■ Assignment
Among the entries below, find each line with "move" and show it.

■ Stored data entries
::::::
(* Let $n\ge 1$ and let $k_1,\ldots,k_n\ge 3$ be integers. The disjoint union of cycles $\bigcup_{i=1}^n C_{k_i}$ is odd prime.
   Context: All graphs are finite and simple. A graph $G$ of order $N$ is called odd prime if there is a bijection $\ell$ from $V(G)$ to the set of odd integers $\{1,3,\ldots,2N-1\}$ such that $\gcd(\ell(u),\ell(v))=1$ for every edge $uv$ of $G$. $C_k$ denotes the cycle on $k$ vertices. *)

From mathcomp Require Import all_boot all_order.
Set Implicit Arguments. Unset Strict Implicit. Unset Printing Implicit Defensive.

(* A simple graph is a symmetric irreflexive relation [adj] on a finType [V].
   It is odd prime if there is a bijection from V to the odd integers
   {1,3,...,2N-1} (N = #|V|) such that adjacent vertices get coprime labels.
   We encode the bijection as a bijection f : V -> 'I_N, the label of v being
   2 * f v + 1. *)
Definition odd_label (V : finType) (f : V -> 'I_#|V|) (v : V) : nat :=
  (f v).*2.+1.

Definition odd_prime (V : finType) (adj : rel V) : Prop :=
  exists f : V -> 'I_#|V|, bijective f /\
    forall u v, adj u v -> coprime (odd_label f u) (odd_label f v).

Definition cycles_vertex (n : nat) (k : 'I_n -> nat) : finType :=
  {i : 'I_n & 'I_(k i)}.

Definition cycles_adj (n : nat) (k : 'I_n -> nat) : rel (cycles_vertex k) :=
  fun u v =>
    (tag u == tag v) &&
    ((val (tagged v) == (val (tagged u)).+1 %% k (tag u)) ||
     (val (tagged u) == (val (tagged v)).+1 %% k (tag u))).

Arguments cycles_vertex : clear implicits.
Arguments cycles_adj : clear implicits.

(* Number the cycles consecutively, giving cycle i a block of k_i consecutive
   positions, and within a cycle place the vertices in zig-zag order
   0, 2, 4, ..., 5, 3, 1, so that neighbours on the cycle get positions that
   differ by 1 or 2.  The vertex at position p is labelled 2p + 1, hence
   neighbours get odd labels differing by 2 or 4, and odd numbers whose
   difference is a power of 2 are coprime. *)
From mathcomp Require Import all_boot all_order.
From mathcomp Require Import zify.
Set Implicit Arguments. Unset Strict Implicit. Unset Printing Implicit Defensive.

Lemma coprime_odd_addX a m : odd a -> coprime a (a + 2 ^ m).
Proof. by move=> odd_a; rewrite /coprime gcdnDl; apply: coprimeXr; rewrite coprimen2. Qed.

Lemma coprime_odd_double_near a b :
  a != b -> a <= b.+2 -> b <= a.+2 -> coprime a.*2.+1 b.*2.+1.
Proof.
have coprime_step c d : 0 < d <= 2 -> coprime c.*2.+1 (c + d).*2.+1.
  move=> d_bounds; have -> : (c + d).*2.+1 = c.*2.+1 + 2 ^ d.
    by case: d d_bounds => [|[|[|d]]] //= _; lia.
  by apply: coprime_odd_addX; rewrite /= odd_double.
case: (ltngtP a b) => // lt_ab _ ? ?.
  by rewrite -(subnKC (ltnW lt_ab)); apply: coprime_step; lia.
by rewrite coprime_sym -(subnKC (ltnW lt_ab)); apply: coprime_step; lia.
Qed.

Definition zigzag (k j : nat) : nat :=
  if j.*2 < k then j.*2 else (k.-1 - j).*2.+1.

Lemma zigzag_lt k j : j < k -> zigzag k j < k.
Proof. by rewrite /zigzag; case: ifP; lia. Qed.

Lemma zigzag_inj k j j' : j < k -> j' < k -> zigzag k j = zigzag k j' -> j = j'.
Proof. by rewrite /zigzag; case: ifP; case: ifP; lia. Qed.

Lemma zigzag_succ_near k j : 2 <= k -> j < k ->
  let a := zigzag k j in let b := zigzag k (j.+1 %% k) in
  [/\ a != b, a <= b.+2 & b <= a.+2].
Proof.
move=> k_ge2 lt_jk /=; have [lt_j1k|le_kj1] := ltnP j.+1 k.
  by rewrite modn_small // /zigzag; case: ifP; case: ifP; split; lia.
have -> : j.+1 = k by lia.
by rewrite modnn /zigzag; case: ifP; case: ifP; split; lia.
Qed.

Section Blocks.

Variables (n : nat) (k : 'I_n -> nat).

Definition block_start (m : nat) : nat := \sum_(l < n | l < m) k l.

Lemma block_start_add_le (i : 'I_n) m : i < m -> block_start i + k i <= block_start m.
Proof.
move=> lt_im; rewrite [block_start m](bigID (fun l : 'I_n => l < i)) /=.
rewrite leq_add //.
  apply/eq_leq/eq_bigl => l; case: (ltnP l i) => lt_li; rewrite ?andbF ?andbT //.
  by rewrite (ltn_trans lt_li lt_im).
by rewrite (bigD1 i) ?ltnn ?lt_im //= leq_addr.
Qed.

Lemma block_start_ord : block_start n = \sum_(l < n) k l.
Proof. by apply: eq_bigl => l; rewrite ltn_ord. Qed.

Lemma block_start_inj (i i' : 'I_n) p p' : p < k i -> p' < k i' ->
  block_start i + p = block_start i' + p' -> i = i'.
Proof.
move=> lt_p lt_p' eq_pos; apply: val_inj.
case: (ltngtP i i') => [lt_ii'|lt_i'i|//].
  by have := block_start_add_le lt_ii'; lia.
by have := block_start_add_le lt_i'i; lia.
Qed.

End Blocks.

Lemma card_cycles_vertex n (k : 'I_n -> nat) : #|cycles_vertex n k| = block_start k n.
Proof.
rewrite card_tagged sumnE big_map big_enum block_start_ord.
by apply: eq_bigr => i _; rewrite card_ord.
Qed.

Section CyclesLabelling.

Variables (n : nat) (k : 'I_n -> nat).

Definition cycles_position (v : cycles_vertex n k) : nat :=
  block_start k (tag v) + zigzag (k (tag v)) (tagged v).

Lemma cycles_position_lt v : cycles_position v < #|cycles_vertex n k|.
Proof.
case: v => i j; rewrite card_cycles_vertex /cycles_position /=.
have := zigzag_lt (ltn_ord j); have := block_start_add_le k (ltn_ord i); lia.
Qed.

Definition cycles_rank (v : cycles_vertex n k) : 'I_#|cycles_vertex n k| :=
  Ordinal (cycles_position_lt v).

Lemma cycles_rank_inj : injective cycles_rank.
Proof.
move=> [i j] [i' j'] /(congr1 val); rewrite /= /cycles_position /= => eq_pos.
have eq_ii' := block_start_inj (zigzag_lt (ltn_ord j)) (zigzag_lt (ltn_ord j')) eq_pos.
subst i'; rewrite (val_inj (zigzag_inj (ltn_ord j) (ltn_ord j') _)) //; lia.
Qed.

Lemma cycles_adj_coprime : (forall i, 2 <= k i) -> forall u v,
  cycles_adj n k u v -> coprime (cycles_position u).*2.+1 (cycles_position v).*2.+1.
Proof.
move=> k_ge2 [i j] [i' j'] /andP [/= /eqP eq_ii']; subst i'.
rewrite /cycles_position /= => /orP [] /eqP succ.
  have := zigzag_succ_near (k_ge2 i) (ltn_ord j); rewrite -succ => -[? ? ?].
  by apply: coprime_odd_double_near; lia.
have := zigzag_succ_near (k_ge2 i) (ltn_ord j'); rewrite -succ => -[? ? ?].
by apply: coprime_odd_double_near; lia.
Qed.

End CyclesLabelling.

Theorem theorem3p1 (n : nat) (k : 'I_n -> nat) :
  1 <= n -> (forall i, 3 <= k i) -> odd_prime (cycles_adj n k).
Proof.
move=> _ k_ge3; exists (@cycles_rank n k); split.
  by apply: inj_card_bij (@cycles_rank_inj n k) _; rewrite card_ord.
by apply: cycles_adj_coprime => i; apply: leq_trans (k_ge3 i).
Qed.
::::::
■ Response to the task
Proof. by move=> odd_a; rewrite /coprime gcdnDl; apply: coprimeXr; rewrite coprimen2. Qed.
  move=> d_bounds; have -> : (c + d).*2.+1 = c.*2.+1 + 2 ^ d.
move=> k_ge2 lt_jk /=; have [lt_j1k|le_kj1] := ltnP j.+1 k.
move=> lt_im; rewrite [block_start m](bigID (fun l : 'I_n => l < i)) /=.
move=> lt_p lt_p' eq_pos; apply: val_inj.
move=> [i j] [i' j'] /(congr1 val); rewrite /= /cycles_position /= => eq_pos.
move=> k_ge2 [i j] [i' j'] /andP [/= /eqP eq_ii']; subst i'.
move=> _ k_ge3; exists (@cycles_rank n k); split.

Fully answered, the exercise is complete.